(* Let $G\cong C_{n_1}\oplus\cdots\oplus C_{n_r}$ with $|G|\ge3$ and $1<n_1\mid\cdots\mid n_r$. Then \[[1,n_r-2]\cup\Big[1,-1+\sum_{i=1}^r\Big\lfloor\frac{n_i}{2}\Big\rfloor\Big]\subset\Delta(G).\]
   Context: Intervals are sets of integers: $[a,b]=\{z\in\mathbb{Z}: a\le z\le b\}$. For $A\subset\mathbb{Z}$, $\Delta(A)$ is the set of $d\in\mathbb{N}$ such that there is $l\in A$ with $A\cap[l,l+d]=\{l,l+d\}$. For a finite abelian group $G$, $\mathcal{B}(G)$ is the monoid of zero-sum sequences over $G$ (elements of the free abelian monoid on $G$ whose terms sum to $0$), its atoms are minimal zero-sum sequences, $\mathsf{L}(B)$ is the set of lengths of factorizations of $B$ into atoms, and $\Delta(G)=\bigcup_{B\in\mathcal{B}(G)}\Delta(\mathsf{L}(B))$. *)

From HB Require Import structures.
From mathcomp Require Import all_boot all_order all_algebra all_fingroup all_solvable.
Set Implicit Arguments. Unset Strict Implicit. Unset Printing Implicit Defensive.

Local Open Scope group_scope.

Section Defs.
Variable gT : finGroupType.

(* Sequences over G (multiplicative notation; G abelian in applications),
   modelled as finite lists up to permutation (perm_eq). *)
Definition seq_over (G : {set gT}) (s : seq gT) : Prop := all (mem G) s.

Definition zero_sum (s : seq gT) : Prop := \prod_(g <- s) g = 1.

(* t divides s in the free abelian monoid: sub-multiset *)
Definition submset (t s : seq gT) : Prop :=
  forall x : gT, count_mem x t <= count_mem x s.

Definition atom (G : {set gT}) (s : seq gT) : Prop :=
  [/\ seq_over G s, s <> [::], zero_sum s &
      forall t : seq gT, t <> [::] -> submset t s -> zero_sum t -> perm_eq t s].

----

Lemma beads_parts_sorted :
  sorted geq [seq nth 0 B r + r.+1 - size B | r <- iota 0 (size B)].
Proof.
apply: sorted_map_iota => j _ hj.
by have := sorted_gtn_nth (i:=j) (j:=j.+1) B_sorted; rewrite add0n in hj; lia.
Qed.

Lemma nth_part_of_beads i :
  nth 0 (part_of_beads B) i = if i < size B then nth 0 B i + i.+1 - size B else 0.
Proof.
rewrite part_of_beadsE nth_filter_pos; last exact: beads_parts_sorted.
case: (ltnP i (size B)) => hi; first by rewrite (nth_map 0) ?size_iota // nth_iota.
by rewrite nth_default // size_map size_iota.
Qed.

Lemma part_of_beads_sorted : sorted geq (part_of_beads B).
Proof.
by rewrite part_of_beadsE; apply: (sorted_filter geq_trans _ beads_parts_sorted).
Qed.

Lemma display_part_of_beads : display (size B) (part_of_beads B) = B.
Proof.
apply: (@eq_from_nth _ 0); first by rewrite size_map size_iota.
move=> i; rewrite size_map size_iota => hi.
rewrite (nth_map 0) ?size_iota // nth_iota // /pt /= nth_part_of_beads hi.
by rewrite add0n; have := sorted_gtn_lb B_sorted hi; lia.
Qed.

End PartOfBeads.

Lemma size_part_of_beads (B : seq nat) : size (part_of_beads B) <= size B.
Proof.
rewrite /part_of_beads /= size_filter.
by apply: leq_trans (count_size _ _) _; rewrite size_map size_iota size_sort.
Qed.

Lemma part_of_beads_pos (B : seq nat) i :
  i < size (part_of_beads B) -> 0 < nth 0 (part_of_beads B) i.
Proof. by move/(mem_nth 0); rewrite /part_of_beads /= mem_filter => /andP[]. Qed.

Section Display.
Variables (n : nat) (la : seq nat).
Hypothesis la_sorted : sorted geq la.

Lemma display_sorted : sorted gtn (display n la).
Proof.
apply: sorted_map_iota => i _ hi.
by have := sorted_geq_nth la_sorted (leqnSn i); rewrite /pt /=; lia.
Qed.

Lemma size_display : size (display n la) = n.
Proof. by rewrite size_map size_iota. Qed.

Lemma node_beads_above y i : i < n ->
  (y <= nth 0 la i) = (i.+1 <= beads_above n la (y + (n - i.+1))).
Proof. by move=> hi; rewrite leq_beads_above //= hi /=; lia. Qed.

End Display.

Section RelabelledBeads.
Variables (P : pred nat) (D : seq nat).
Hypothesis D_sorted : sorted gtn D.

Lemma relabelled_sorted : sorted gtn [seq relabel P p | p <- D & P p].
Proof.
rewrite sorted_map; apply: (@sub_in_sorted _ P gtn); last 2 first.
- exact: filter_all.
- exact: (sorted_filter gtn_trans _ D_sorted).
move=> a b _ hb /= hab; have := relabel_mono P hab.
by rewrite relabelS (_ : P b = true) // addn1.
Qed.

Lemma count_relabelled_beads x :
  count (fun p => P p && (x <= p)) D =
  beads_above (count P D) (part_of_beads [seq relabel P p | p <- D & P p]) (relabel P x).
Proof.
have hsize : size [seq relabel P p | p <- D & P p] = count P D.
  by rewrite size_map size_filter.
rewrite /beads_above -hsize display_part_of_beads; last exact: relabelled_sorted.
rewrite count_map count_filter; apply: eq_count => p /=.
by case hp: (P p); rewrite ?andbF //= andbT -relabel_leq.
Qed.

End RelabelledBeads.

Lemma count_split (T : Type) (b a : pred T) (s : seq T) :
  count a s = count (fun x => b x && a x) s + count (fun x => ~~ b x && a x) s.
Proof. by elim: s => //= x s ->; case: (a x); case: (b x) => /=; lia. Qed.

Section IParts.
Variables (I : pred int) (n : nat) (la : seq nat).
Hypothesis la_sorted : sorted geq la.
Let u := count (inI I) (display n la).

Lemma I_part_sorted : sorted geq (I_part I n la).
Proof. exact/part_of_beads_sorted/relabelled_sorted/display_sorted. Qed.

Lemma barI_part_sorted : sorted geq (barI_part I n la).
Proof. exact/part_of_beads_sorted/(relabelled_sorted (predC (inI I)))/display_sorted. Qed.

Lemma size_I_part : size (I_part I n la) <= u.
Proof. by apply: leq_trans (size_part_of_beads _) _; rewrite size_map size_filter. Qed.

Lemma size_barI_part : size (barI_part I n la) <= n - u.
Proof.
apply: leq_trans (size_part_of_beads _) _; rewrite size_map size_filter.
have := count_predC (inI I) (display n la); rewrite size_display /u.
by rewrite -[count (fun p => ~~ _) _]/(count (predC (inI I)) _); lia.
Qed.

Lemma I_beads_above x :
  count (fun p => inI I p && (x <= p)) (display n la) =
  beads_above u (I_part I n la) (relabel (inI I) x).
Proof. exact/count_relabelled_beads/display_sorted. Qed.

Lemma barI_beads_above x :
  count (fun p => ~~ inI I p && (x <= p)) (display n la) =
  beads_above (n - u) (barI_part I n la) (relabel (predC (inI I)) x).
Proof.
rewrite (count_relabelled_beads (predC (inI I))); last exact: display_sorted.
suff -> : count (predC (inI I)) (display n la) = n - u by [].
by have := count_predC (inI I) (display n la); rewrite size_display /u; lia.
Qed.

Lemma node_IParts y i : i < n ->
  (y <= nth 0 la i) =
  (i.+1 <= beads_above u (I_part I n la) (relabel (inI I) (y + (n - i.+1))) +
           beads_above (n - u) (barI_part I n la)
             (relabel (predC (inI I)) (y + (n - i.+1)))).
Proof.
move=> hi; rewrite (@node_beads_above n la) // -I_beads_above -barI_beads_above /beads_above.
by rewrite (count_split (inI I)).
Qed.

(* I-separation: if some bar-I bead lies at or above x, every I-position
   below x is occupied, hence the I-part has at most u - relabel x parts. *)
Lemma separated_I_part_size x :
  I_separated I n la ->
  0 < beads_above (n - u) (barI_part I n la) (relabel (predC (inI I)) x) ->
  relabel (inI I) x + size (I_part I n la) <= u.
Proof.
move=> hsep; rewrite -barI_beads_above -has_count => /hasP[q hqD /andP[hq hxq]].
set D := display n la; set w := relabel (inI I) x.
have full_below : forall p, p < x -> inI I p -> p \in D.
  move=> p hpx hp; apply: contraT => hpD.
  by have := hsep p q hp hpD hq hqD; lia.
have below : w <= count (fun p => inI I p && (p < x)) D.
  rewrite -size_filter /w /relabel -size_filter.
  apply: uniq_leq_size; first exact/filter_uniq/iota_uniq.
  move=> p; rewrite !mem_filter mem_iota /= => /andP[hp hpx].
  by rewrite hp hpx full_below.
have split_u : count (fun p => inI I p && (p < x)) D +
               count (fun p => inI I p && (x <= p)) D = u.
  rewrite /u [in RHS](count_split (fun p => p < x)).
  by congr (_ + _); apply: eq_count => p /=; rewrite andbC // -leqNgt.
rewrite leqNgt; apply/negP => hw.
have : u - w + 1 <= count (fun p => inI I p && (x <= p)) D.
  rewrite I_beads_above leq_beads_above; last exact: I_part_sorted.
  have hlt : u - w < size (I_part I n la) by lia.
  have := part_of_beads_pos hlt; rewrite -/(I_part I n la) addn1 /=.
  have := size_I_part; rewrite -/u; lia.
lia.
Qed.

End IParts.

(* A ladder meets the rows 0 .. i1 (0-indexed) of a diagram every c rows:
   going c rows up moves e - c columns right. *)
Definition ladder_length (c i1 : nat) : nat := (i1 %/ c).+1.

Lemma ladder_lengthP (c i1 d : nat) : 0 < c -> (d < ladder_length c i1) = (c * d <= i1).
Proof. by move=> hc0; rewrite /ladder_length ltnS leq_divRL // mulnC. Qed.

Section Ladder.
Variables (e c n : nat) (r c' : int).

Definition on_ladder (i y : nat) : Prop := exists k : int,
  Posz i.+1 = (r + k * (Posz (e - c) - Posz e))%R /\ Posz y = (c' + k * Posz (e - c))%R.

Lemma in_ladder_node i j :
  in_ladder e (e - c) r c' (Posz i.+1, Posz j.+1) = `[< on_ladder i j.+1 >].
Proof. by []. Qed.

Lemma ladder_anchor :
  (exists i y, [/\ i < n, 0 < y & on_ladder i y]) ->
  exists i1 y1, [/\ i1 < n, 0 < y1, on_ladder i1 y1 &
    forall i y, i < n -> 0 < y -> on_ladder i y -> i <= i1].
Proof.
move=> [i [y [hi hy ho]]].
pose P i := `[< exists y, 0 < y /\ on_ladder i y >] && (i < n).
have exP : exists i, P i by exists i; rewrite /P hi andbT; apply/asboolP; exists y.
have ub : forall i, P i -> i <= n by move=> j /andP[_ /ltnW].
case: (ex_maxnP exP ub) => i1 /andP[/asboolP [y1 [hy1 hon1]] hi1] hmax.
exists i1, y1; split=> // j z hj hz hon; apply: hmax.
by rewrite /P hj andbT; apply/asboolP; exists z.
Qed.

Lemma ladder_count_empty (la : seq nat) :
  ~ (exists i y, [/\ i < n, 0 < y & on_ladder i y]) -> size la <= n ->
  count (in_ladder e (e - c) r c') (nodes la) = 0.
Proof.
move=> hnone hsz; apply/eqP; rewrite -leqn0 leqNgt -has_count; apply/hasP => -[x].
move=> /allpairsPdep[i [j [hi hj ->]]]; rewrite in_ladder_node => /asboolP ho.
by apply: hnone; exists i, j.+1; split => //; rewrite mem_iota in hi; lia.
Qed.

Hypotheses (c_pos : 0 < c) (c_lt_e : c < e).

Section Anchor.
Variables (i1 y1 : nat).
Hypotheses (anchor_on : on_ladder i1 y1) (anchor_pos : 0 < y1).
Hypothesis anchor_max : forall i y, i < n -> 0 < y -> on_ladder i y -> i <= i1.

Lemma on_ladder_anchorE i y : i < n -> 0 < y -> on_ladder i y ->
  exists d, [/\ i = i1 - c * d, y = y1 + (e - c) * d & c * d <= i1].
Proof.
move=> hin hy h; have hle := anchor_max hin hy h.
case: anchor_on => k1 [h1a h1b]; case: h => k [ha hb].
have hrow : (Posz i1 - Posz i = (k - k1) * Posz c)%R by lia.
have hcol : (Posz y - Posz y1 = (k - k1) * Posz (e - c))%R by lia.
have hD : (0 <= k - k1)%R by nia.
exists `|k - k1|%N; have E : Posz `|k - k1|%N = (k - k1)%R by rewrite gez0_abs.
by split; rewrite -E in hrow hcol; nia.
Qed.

----

## What the task asks
Of all the entries above, retype exactly the lines from the line with "(* Let $G\cong" to the line with "Local Open Scope group_scope.", both included, and no others.

## Answer to the problem
(* Let $G\cong C_{n_1}\oplus\cdots\oplus C_{n_r}$ with $|G|\ge3$ and $1<n_1\mid\cdots\mid n_r$. Then \[[1,n_r-2]\cup\Big[1,-1+\sum_{i=1}^r\Big\lfloor\frac{n_i}{2}\Big\rfloor\Big]\subset\Delta(G).\]
   Context: Intervals are sets of integers: $[a,b]=\{z\in\mathbb{Z}: a\le z\le b\}$. For $A\subset\mathbb{Z}$, $\Delta(A)$ is the set of $d\in\mathbb{N}$ such that there is $l\in A$ with $A\cap[l,l+d]=\{l,l+d\}$. For a finite abelian group $G$, $\mathcal{B}(G)$ is the monoid of zero-sum sequences over $G$ (elements of the free abelian monoid on $G$ whose terms sum to $0$), its atoms are minimal zero-sum sequences, $\mathsf{L}(B)$ is the set of lengths of factorizations of $B$ into atoms, and $\Delta(G)=\bigcup_{B\in\mathcal{B}(G)}\Delta(\mathsf{L}(B))$. *)

From HB Require Import structures.
From mathcomp Require Import all_boot all_order all_algebra all_fingroup all_solvable.
Set Implicit Arguments. Unset Strict Implicit. Unset Printing Implicit Defensive.

Local Open Scope group_scope.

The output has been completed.